## Instructions for the task
Type out the data below in its entirety, exactly as given.

## Material provided
Lemma tends_to_at_top_le g1 g2 l1 l2 M :
  tends_to_at_top g1 l1 -> tends_to_at_top g2 l2 ->
  (forall V, M <= V -> g1 V <= g2 V) -> l1 <= l2.
Proof.
  intros H1 H2 Hle. destruct (Rle_lt_dec l1 l2) as [|Hlt]; auto. exfalso.
  destruct (H1 ((l1 - l2) / 2)) as [M1 HM1]; [lra|].
  destruct (H2 ((l1 - l2) / 2)) as [M2 HM2]; [lra|].
  set (V := Rmax M (Rmax M1 M2)).
  assert (M <= V /\ M1 <= V /\ M2 <= V) as (HM & HV1 & HV2).
  { unfold V. pose proof (Rmax_l M (Rmax M1 M2)). pose proof (Rmax_r M (Rmax M1 M2)).
    pose proof (Rmax_l M1 M2). pose proof (Rmax_r M1 M2). lra. }
  specialize (HM1 V HV1). specialize (HM2 V HV2). specialize (Hle V HM).
  revert HM1 HM2. split_Rabs; lra.
Qed.

Lemma above_le a x t : above a x -> x <= t -> above a t.
Proof. destruct a; simpl; lra. Qed.

Lemma above_Rmin a u v : above a u -> above a v -> above a (Rmin u v).
Proof. unfold Rmin. destruct (Rle_dec u v); auto. Qed.

Lemma RiemannInt_scal (g : R -> R) c u v (pr : Riemann_integrable g u v)
  (prc : Riemann_integrable (fun t => c * g t) u v) :
  u <= v -> RiemannInt prc = c * RiemannInt pr.
Proof.
  intros Huv.
  pose (pr0 := RiemannInt_P14 u v 0).
  pose (pr0c := RiemannInt_P10 c pr0 pr).
  rewrite (RiemannInt_P18 prc pr0c Huv); [|intros; unfold fct_cte; ring].
  rewrite (RiemannInt_P13 pr0 pr pr0c), (RiemannInt_P15 pr0). ring.
Qed.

## Answer for the task
Lemma tends_to_at_top_le g1 g2 l1 l2 M :
  tends_to_at_top g1 l1 -> tends_to_at_top g2 l2 ->
  (forall V, M <= V -> g1 V <= g2 V) -> l1 <= l2.
Proof.
  intros H1 H2 Hle. destruct (Rle_lt_dec l1 l2) as [|Hlt]; auto. exfalso.
  destruct (H1 ((l1 - l2) / 2)) as [M1 HM1]; [lra|].
  destruct (H2 ((l1 - l2) / 2)) as [M2 HM2]; [lra|].
  set (V := Rmax M (Rmax M1 M2)).
  assert (M <= V /\ M1 <= V /\ M2 <= V) as (HM & HV1 & HV2).
  { unfold V. pose proof (Rmax_l M (Rmax M1 M2)). pose proof (Rmax_r M (Rmax M1 M2)).
    pose proof (Rmax_l M1 M2). pose proof (Rmax_r M1 M2). lra. }
  specialize (HM1 V HV1). specialize (HM2 V HV2). specialize (Hle V HM).
  revert HM1 HM2. split_Rabs; lra.
Qed.

Lemma above_le a x t : above a x -> x <= t -> above a t.
Proof. destruct a; simpl; lra. Qed.

Lemma above_Rmin a u v : above a u -> above a v -> above a (Rmin u v).
Proof. unfold Rmin. destruct (Rle_dec u v); auto. Qed.

Lemma RiemannInt_scal (g : R -> R) c u v (pr : Riemann_integrable g u v)
  (prc : Riemann_integrable (fun t => c * g t) u v) :
  u <= v -> RiemannInt prc = c * RiemannInt pr.
Proof.
  intros Huv.
  pose (pr0 := RiemannInt_P14 u v 0).
  pose (pr0c := RiemannInt_P10 c pr0 pr).
  rewrite (RiemannInt_P18 prc pr0c Huv); [|intros; unfold fct_cte; ring].
  rewrite (RiemannInt_P13 pr0 pr pr0c), (RiemannInt_P15 pr0). ring.
Qed.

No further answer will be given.